Drawing on her experience with Claudio Abbado and his Mozart Orchestra, Claire Gibault founded the Paris Mozart Orchestra in 2011, with which she currently performs around thirty concerts a year (Théâtre du Châtelet, Philharmonie de Paris, Seine Musicale, Arsenal de Metz, etc.). Deeply committed to new music, she regularly collaborates with contemporary composers such as Graciane Finzi, Wolfgang Rihm, Silvia Colasanti, Fabio Vacchi, Édith Canat de Chizy, Philippe Hersant, Benoît Menut, and others. In 2022, Claire Gibault signed an agreement with the city of Bourges, where the Paris Mozart Orchestra established its residency.

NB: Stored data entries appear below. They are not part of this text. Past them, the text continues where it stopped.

(* Let $\alpha\in(0,\infty)^T$ and $u_t(x)=\frac{1}{\alpha_t}[1-\exp(-\alpha_t x)]$, $t\in\mathbb{T}$. For $x\in\mathbb{R}$ and $Z\in L^\infty$, let $(X_t)\in\mathcal{A}(x-Z)$ be the optimal intertemporal allocation of $x-Z$, i.e. $\sum_{t\in\mathbb{T}}E[u_t(\tilde X_t)]=U(x-Z)$. Then $X_1=\frac{B_1}{\alpha_1}[\beta_1x-\log L_1(\alpha,-Z)]$ and, for $t=2,\dots,T$, $X_t=\frac{B_t}{\alpha_t}\Big[\beta_1x-\log L_t(\alpha,-Z)+\sum_{k=1}^{t-1}\frac{\beta_{k+1}}{\alpha_k}\log L_k(\alpha,-Z)\Big]$.
   Context: Let $T\ge 1$ be an integer and $\mathbb{T}=\{1,\dots,T\}$. Let $(\Omega,\mathcal{F},(\mathcal{F}_t)_{t\in\{0,1,\dots,T\}},P)$ be a filtered probability space and $L^{\infty}=L^{\infty}(\Omega,\mathcal{F}_T,P)$; write $E_t[Y]=E[Y\mid\mathcal{F}_t]$. Let $(r_t)_{t\in\mathbb{T}}$ be a bounded, nonnegative, predictable process, $B_0=1$, $B_t=\prod_{k=1}^t(1+r_k)$, and $\tilde X_t=X_t/B_t$. For $W\in L^\infty$, $\mathcal{A}(W)$ is the set of $(\mathcal{F}_t)$-adapted processes $(Y_t)_{t\in\mathbb{T}}$ with $Y_t\in L^\infty$ and $\sum_{t\in\mathbb{T}}\tilde Y_t=W$ a.s., and $U(W)=\sup\{\sum_{t\in\mathbb{T}}E[u_t(\tilde Y_t)]:(Y_t)\in\mathcal{A}(W)\}$. For $\alpha\in(0,\infty)^T$ define $\beta_t$ by $1/\beta_t=\sum_{k=t}^T 1/\alpha_k$. For $W\in L^\infty$ define $L_T(\alpha,W)=\exp(-\alpha_T W)$ and $L_{t-1}(\alpha,W)=E_{t-1}[L_t(\alpha,W)]^{\beta_{t-1}/\beta_t}$ for $t=2,\dots,T$. *)

From HB Require Import structures.
From mathcomp Require Import all_boot all_order all_algebra.
From mathcomp Require Import all_classical all_reals all_analysis.
Set Implicit Arguments. Unset Strict Implicit. Unset Printing Implicit Defensive.
Import Order.TTheory GRing.Theory Num.Theory.
Local Open Scope classical_set_scope.
Local Open Scope ring_scope.

Section Defs.
Context {d : measure_display} {Omega : measurableType d} {R : realType}.

Definition sub_measurable (G : set (set Omega)) (f : Omega -> R) : Prop :=
  forall B : set R, measurable B -> G (f @^-1` B).

Definition filtration (T : nat) (F : nat -> set (set Omega)) : Prop :=
  (forall t, (t <= T)%N -> sigma_algebra setT (F t) /\ F t `<=` measurable) /\
  (forall s t, (s <= t)%N -> (t <= T)%N -> F s `<=` F t).

(* f is (a representative of) an element of L^infty(Omega, G, P) *)
Definition Linfty (P : probability Omega R) (G : set (set Omega)) (f : Omega -> R) :=
  sub_measurable G f /\ exists M : R, {ae P, forall w, `|f w| <= M}.

Definition is_cond_exp (P : probability Omega R) (G : set (set Omega))
    (Y C : Omega -> R) : Prop :=
  sub_measurable G C /\ P.-integrable setT (EFin \o C) /\
  forall A, G A -> (\int[P]_(w in A) (C w)%:E = \int[P]_(w in A) (Y w)%:E)%E.

Definition Bfac (r : nat -> Omega -> R) (t : nat) (w : Omega) : R :=
  \prod_(1 <= k < t.+1) (1 + r k w).

Definition disc (r : nat -> Omega -> R) (X : nat -> Omega -> R) (t : nat)
  (w : Omega) : R := X t w / Bfac r t w.

Definition beta (T : nat) (alpha : nat -> R) (t : nat) : R :=
  (\sum_(t <= k < T.+1) (alpha k)^-1)^-1.

Definition admissible (P : probability Omega R) (T : nat) (F : nat -> set (set Omega))
    (r : nat -> Omega -> R) (W : Omega -> R) (Y : nat -> Omega -> R) : Prop :=
  (forall t, (1 <= t <= T)%N -> sub_measurable (F t) (Y t) /\ Linfty P (F T) (Y t)) /\
  {ae P, forall w, \sum_(1 <= t < T.+1) disc r Y t w = W w}.

Definition total_utility (P : probability Omega R) (T : nat) (u : nat -> R -> R)
    (r : nat -> Omega -> R) (Y : nat -> Omega -> R) : \bar R :=
  (\sum_(1 <= t < T.+1) \int[P]_w (u t (disc r Y t w))%:E)%E.

Definition Uval (P : probability Omega R) (T : nat) (F : nat -> set (set Omega))
    (u : nat -> R -> R) (r : nat -> Omega -> R) (W : Omega -> R) : \bar R :=
  ereal_sup [set total_utility P T u r Y | Y in admissible P T F r W].

Definition is_L_family (P : probability Omega R) (T : nat) (F : nat -> set (set Omega))
    (alpha : nat -> R) (W : Omega -> R) (L : nat -> Omega -> R) : Prop :=
  (forall w, L T w = expR (- alpha T * W w)) /\
  (forall t, (2 <= t <= T)%N -> exists C : Omega -> R,
     is_cond_exp P (F t.-1) (L t) C /\
     forall w, L t.-1 w = powR (C w) (beta T alpha t.-1 / beta T alpha t)).

End Defs.

From HB Require Import structures.
From mathcomp Require Import all_boot all_order all_algebra.
From mathcomp Require Import all_classical all_reals all_analysis.
From mathcomp Require Import measurable_realfun.
From mathcomp Require Import ring lra zify.
Import Order.TTheory GRing.Theory Num.Theory.
Local Open Scope classical_set_scope.
Local Open Scope ring_scope.

Set Implicit Arguments.
Unset Strict Implicit.
Unset Printing Implicit Defensive.

(* The candidate given by the formula, Y_t = B_t Y~_t, is admissible: the
   beta-weighted logarithms telescope, so that sum_t Y~_t = x - Z.  Its marginal
   utilities M_t = exp (- alpha_t Y~_t) form a martingale (M_(t+1) = L_(t+1) G_t
   and M_t = E_t[L_(t+1)] G_t with G_t F_t-measurable; this is exactly the
   recursion defining L), hence E[M_t D] = E[M_T D] for every bounded
   F_t-measurable D.  For an optimal X with deviations D_t = X~_t - Y~_t,
   concavity gives u_t(X~_t) = u_t(Y~_t) + M_t D_t - M_t g_t(D_t) with
   g_t >= 0 vanishing only at 0.  The linear terms add up to
   E[M_T sum_t D_t] = 0, so optimality of X forces E[M_t g_t(D_t)] = 0 for
   every t, i.e. X = Y almost surely. *)

Lemma sum_mul_partial_sum {R : comNzRingType} (a c : nat -> R) n :
  \sum_(1 <= t < n) a t * \sum_(1 <= k < t) c k =
  \sum_(1 <= k < n) c k * \sum_(k.+1 <= t < n) a t.
Proof.
elim: n => [|n IH]; first by rewrite !big_geq.
have [->|n1] := posnP n; first by rewrite !big_geq.
rewrite [LHS]big_nat_recr //= IH [RHS]big_nat_recr //=.
rewrite [\sum_(n.+1 <= _ < n.+1) _]big_geq // mulr0 addr0.
rewrite mulr_sumr -big_split /=.
by apply: eq_big_nat => k /andP[_ kn]; rewrite big_nat_recr //=; ring.
Qed.

Section exponential_utility.
Variable R : realType.
Implicit Types a y h : R.

(* The utility lost by moving from [y] to [y + h] beyond the first-order
   term, in units of the marginal utility [expR (- a * y)] at [y]. *)
Definition utility_gap a h : R := h - a^-1 * (1 - expR (- a * h)).

Lemma exp_utilityD a y h :
  a^-1 * (1 - expR (- a * (y + h))) =
  a^-1 * (1 - expR (- a * y)) + expR (- a * y) * h
  - expR (- a * y) * utility_gap a h.
Proof. by rewrite /utility_gap [- a * (y + h)]mulrDr expRD; ring. Qed.

Lemma utility_gapE a h : 0 < a ->
  utility_gap a h = a^-1 * (expR (- a * h) - (1 + - a * h)).
Proof. by move=> a0; rewrite /utility_gap; field; rewrite gt_eqF. Qed.

Lemma utility_gap_ge0 a h : 0 < a -> 0 <= utility_gap a h.
Proof.
move=> a0; rewrite utility_gapE //.
apply: mulr_ge0; first by rewrite invr_ge0 ltW.
by rewrite subr_ge0 expR_ge1Dx.
Qed.

Lemma utility_gap_eq0 a h : 0 < a -> utility_gap a h = 0 -> h = 0.
Proof.
move=> a0; apply: contra_eq => h0; rewrite utility_gapE // gt_eqF //.
apply: mulr_gt0; first by rewrite invr_gt0.
rewrite subr_gt0 expR_gt1Dx //.
by rewrite mulNr oppr_eq0 mulf_neq0 // gt_eqF.
Qed.

End exponential_utility.

Section bounded_functions.
Context {d : measure_display} {Omega : measurableType d} {R : realType}.
Variable P : probability Omega R.
Implicit Types f g : Omega -> R.

Definition ae_bounded f := exists M : R, {ae P, forall w, `|f w| <= M}.

Lemma ae_bounded_cst c : ae_bounded (fun=> c).
Proof. by exists `|c|; apply: aeW. Qed.

Lemma ae_bounded_le {f g} : ae_bounded f -> (forall w, `|g w| <= `|f w|) ->
  ae_bounded g.
Proof. by move=> [M fM] gf; exists M; apply: filterS fM => w; apply: le_trans. Qed.

Lemma ae_boundedD f g : ae_bounded f -> ae_bounded g ->
  ae_bounded (fun w => f w + g w).
Proof.
move=> [M fM] [N gN]; exists (M + N); apply: filterS2 fM gN => w fw gw.
by rewrite (le_trans (ler_normD _ _)) // lerD.
Qed.

Lemma ae_boundedN f : ae_bounded f -> ae_bounded (fun w => - f w).
Proof. by move=> bf; apply: (ae_bounded_le bf) => w; rewrite normrN. Qed.

Lemma ae_boundedM f g : ae_bounded f -> ae_bounded g ->
  ae_bounded (fun w => f w * g w).
Proof.
move=> [M fM] [N gN]; exists (M * N); apply: filterS2 fM gN => w fw gw.
by rewrite normrM ler_pM.
Qed.

Lemma ae_bounded_sum (I : eqType) (s : seq I) (F : I -> Omega -> R) :
  (forall i, i \in s -> ae_bounded (F i)) ->
  ae_bounded (fun w => \sum_(i <- s) F i w).
Proof.
elim: s => [_|i s IH bF].
  by exists 0; apply: aeW => w; rewrite big_nil normr0.
under eq_fun do rewrite big_cons.
apply: ae_boundedD; first by apply: bF; rewrite mem_head.
by apply: IH => j js; apply: bF; rewrite in_cons js orbT.
Qed.

Lemma ae_bounded_expR f : ae_bounded f -> ae_bounded (fun w => expR (f w)).
Proof.
move=> [M fM]; exists (expR M); apply: filterS fM => w fw.
by rewrite ger0_norm ?expR_ge0 // ler_expR (le_trans (ler_norm _)).
Qed.

Lemma ae_bounded_funrpos f : ae_bounded f -> ae_bounded f^\+.
Proof.
move=> bf; apply: (ae_bounded_le bf) => w.
by rewrite ger0_norm ?funrpos_ge0 // /funrpos ge_max ler_norm normr_ge0.
Qed.

Lemma ae_bounded_funrneg f : ae_bounded f -> ae_bounded f^\-.
Proof.
move=> bf; apply: (ae_bounded_le bf) => w.
by rewrite ger0_norm ?funrneg_ge0 // /funrneg ge_max -normrN ler_norm normr_ge0.
Qed.

Lemma integrable_ae_bounded f : measurable_fun setT f -> ae_bounded f ->
  P.-integrable setT (EFin \o f).
Proof.
move=> mf [M fM]; apply/integrableP; split; first exact/measurable_EFinP.
have M0 : (0 <= (Num.max M 0)%:E)%E by rewrite lee_fin le_max lexx orbT.
apply: (le_lt_trans (integral_le_bound _ measurableT _ M0 _)).
- exact/measurable_EFinP.
- by apply: filterS fM => w fw _; rewrite lee_fin (le_trans fw) // le_max lexx.
apply: lte_mul_pinfty => //.
exact: le_lt_trans (probability_le1 P measurableT) (ltry 1).
Qed.

Lemma integral_ae_ge0 (A : set Omega) g : measurable A -> measurable_fun setT g ->
  {ae P, forall w, 0 <= g w} -> (0 <= \int[P]_(w in A) (g w)%:E)%E.
Proof.
move=> mA mg g0.
rewrite (@ae_eq_integral _ _ _ P A (fun w => (Num.max (g w) 0)%:E)) //.
- by apply: integral_ge0 => w _; rewrite lee_fin le_max lexx orbT.
- by apply/measurable_EFinP; apply: measurable_funS mg.
- apply/measurable_EFinP; apply: measurable_maxr; last exact: measurable_cst.
  exact: measurable_funS mg.
- by apply: filterS g0 => w gw _; rewrite max_l.
Qed.

Lemma ae_notin_integral_le0 (A : set Omega) g : measurable A ->
  measurable_fun setT g -> (forall w, A w -> 0 < g w) ->
  (\int[P]_(w in A) (g w)%:E <= 0)%E -> {ae P, forall w, ~ A w}.
Proof.
move=> mA mg g0 ig.
have mgA : measurable_fun A (EFin \o g).
  by apply/measurable_EFinP; apply: measurable_funS mg.
have : (\int[P]_(w in A) `|(g w)%:E| = 0)%E.
  rewrite (eq_integral (fun w => (g w)%:E)); last first.
    by move=> w /[!inE] Aw; rewrite gee0_abs // lee_fin ltW // g0.
  by apply/eqP; rewrite eq_le ig integral_ge0 // => w Aw; rewrite lee_fin ltW // g0.
move/(ae_eq_integral_abs _ mA mgA); apply: filterS => w g_eq0 Aw.
by move: (g0 w Aw); rewrite -lte_fin -[(g w)%:E]/((EFin \o g) w) g_eq0 // ltxx.
Qed.

Lemma Rintegral_ge0_eq0 (f : Omega -> R) : measurable_fun setT f ->
  P.-integrable setT (EFin \o f) -> (forall w, 0 <= f w) ->
  \int[P]_w f w = 0 -> {ae P, forall w, f w = 0}.
Proof.
move=> mf if_ f0 intf0.
have : (\int[P]_w `|(f w)%:E| = 0)%E.
  rewrite (eq_integral (fun w => (f w)%:E)); last first.
    by move=> w _; rewrite gee0_abs // lee_fin.
  by rewrite -[LHS]fineK ?integrable_fin_num //; congr EFin.
have mEf : measurable_fun setT (EFin \o f) by exact/measurable_EFinP.
move/(ae_eq_integral_abs _ measurableT mEf) => f_eq0.
by apply: filterS f_eq0 => w /(_ Logic.I) [].
Qed.

Lemma total_utilityE (T : nat) (u : nat -> R -> R) (r : nat -> Omega -> R)
    (Y : nat -> Omega -> R) :
  (forall t, (1 <= t <= T)%N ->
    P.-integrable setT (EFin \o (fun w => u t (disc r Y t w)))) ->
  total_utility P T u r Y =
  (\sum_(1 <= t < T.+1) \int[P]_w u t (disc r Y t w))%:E.
Proof.
move=> iu; rewrite /total_utility -sumEFin; apply: eq_big_nat => t tT.
by rewrite fineK // integrable_fin_num // iu.
Qed.

End bounded_functions.

Section sub_measurable.
Context {d : measure_display} {Omega : measurableType d} {R : realType}.
Variables (G : set (set Omega)) (hG : sigma_algebra setT G).
Implicit Types f g : Omega -> R.

Lemma g_sigma_measurableE (A : set Omega) :
  measurable (A : set (g_sigma_algebraType G)) = G A.
Proof. by rewrite /measurable /= sigma_algebra_id. Qed.
(* Let $p$ be a prime with $p\equiv 1\pmod 8$ and $p\equiv 2\pmod 3$. Then there exist infinitely many septuples $(A,B,C,D,E,F,G)\in\mathbb{Z}^7$ of the following parametrized form: there are nonzero odd integers $\lambda,\gamma$ with $\gcd(\lambda,3\gamma)=\gcd(p,3\gamma)=\gcd(p,\lambda)=1$, nonzero integers $\epsilon_0,\delta_0$ with $p\lambda^2\epsilon_0+9\gamma^2\delta_0=1$, and integers $\mu,t_0,F_0$ such that $A=\frac{p\lambda^2-9\gamma^2}{2}$, $B=2pF_0^2\left(\delta_0-\epsilon_0-\mu(p\lambda^2+9\gamma^2)\right)+(p\lambda^2+9\gamma^2)t_0F_0$, $C=2pF_0^2\left(\delta_0+\epsilon_0-\mu(p\lambda^2-9\gamma^2)\right)+(p\lambda^2-9\gamma^2)t_0F_0$, $D=\frac{p\lambda^2+9\gamma^2}{2}$, $E=F_0\left(2pF_0(\epsilon_0+9\mu\gamma^2)-9\gamma^2t_0\right)\left(2F_0(\delta_0-p\mu\lambda^2)+\lambda^2t_0\right)$, $F=2F_0$, $G=3\lambda\gamma$; and such that each of these septuples satisfies the following conditions: (A1) $B^2-C^2+2pEF=0$, $2AB-2CD+pF^2=0$, $A^2-D^2+pG^2=0$; (A3) $\gcd(A,D,G)=1$, $E\not\equiv 0\pmod p$, $G\not\equiv 0\pmod p$; (A4) for every odd prime $l$ with $l\ne3$, $l\ne p$ and $l\mid\gcd(AC-BD,\ DE-CF,\ AE-BF)$, $p$ is a square in $\mathbb{Q}_l^\times$; (A5) there is an integer $H$ with $G-EH^6\equiv 0\pmod p$ such that $A+\zeta BH^4$ is a quadratic non-residue in $\mathbb{F}_p^\times$ for every cube root of unity $\zeta\in\mathbb{F}_p^\times$; (A7) $A+B\not\equiv 0\pmod 3$ and $G\equiv 0\pmod 3$; and, for every integer $n\ge 1$, (A6) $v_3(E)-v_3(G)<6n$.
   Context: $v_3$ denotes the $3$-adic valuation. *)

From HB Require Import structures.
From mathcomp Require Import all_boot all_order all_algebra.
From mathcomp Require Import boolp classical_sets cardinality.
Set Implicit Arguments. Unset Strict Implicit. Unset Printing Implicit Defensive.
Import Order.TTheory GRing.Theory Num.Theory.
Local Open Scope ring_scope.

Claire Gibault has conducted concerts all over France and in Italy, Switzerland, Belgium, Canada and the United States. She has been invited by the Halle Orchestra, the Royal Scottish National Orchestra, the RTÉ National Symphony Orchestra, the RAI Sinfonica Nazionale Orchestra, the National Orchestra of Belgium and the Liège Philharmonic Orchestra. She has recorded works by Beethoven and Schubert with the Royal Philharmonic Orchestra. She has also worked in Denmark with the Copenhagen Philharmonic Orchestra and in Sweden with the Våsterås Sinfonietta.

===Decorations===
Claire Gibault has received the insignia of Officier of the Palmes académiques and is Chevalier of the Ordre national du mérite and of the Légion d'honneur. On 2 February 2005, she was given an honorary doctorate by the Catholic University of Louvain, along with Wim Wenders and Jorge Semprun.

==Personal life==
She is the adoptive mother of two Togolese children.

She converted to Orthodox Christianity.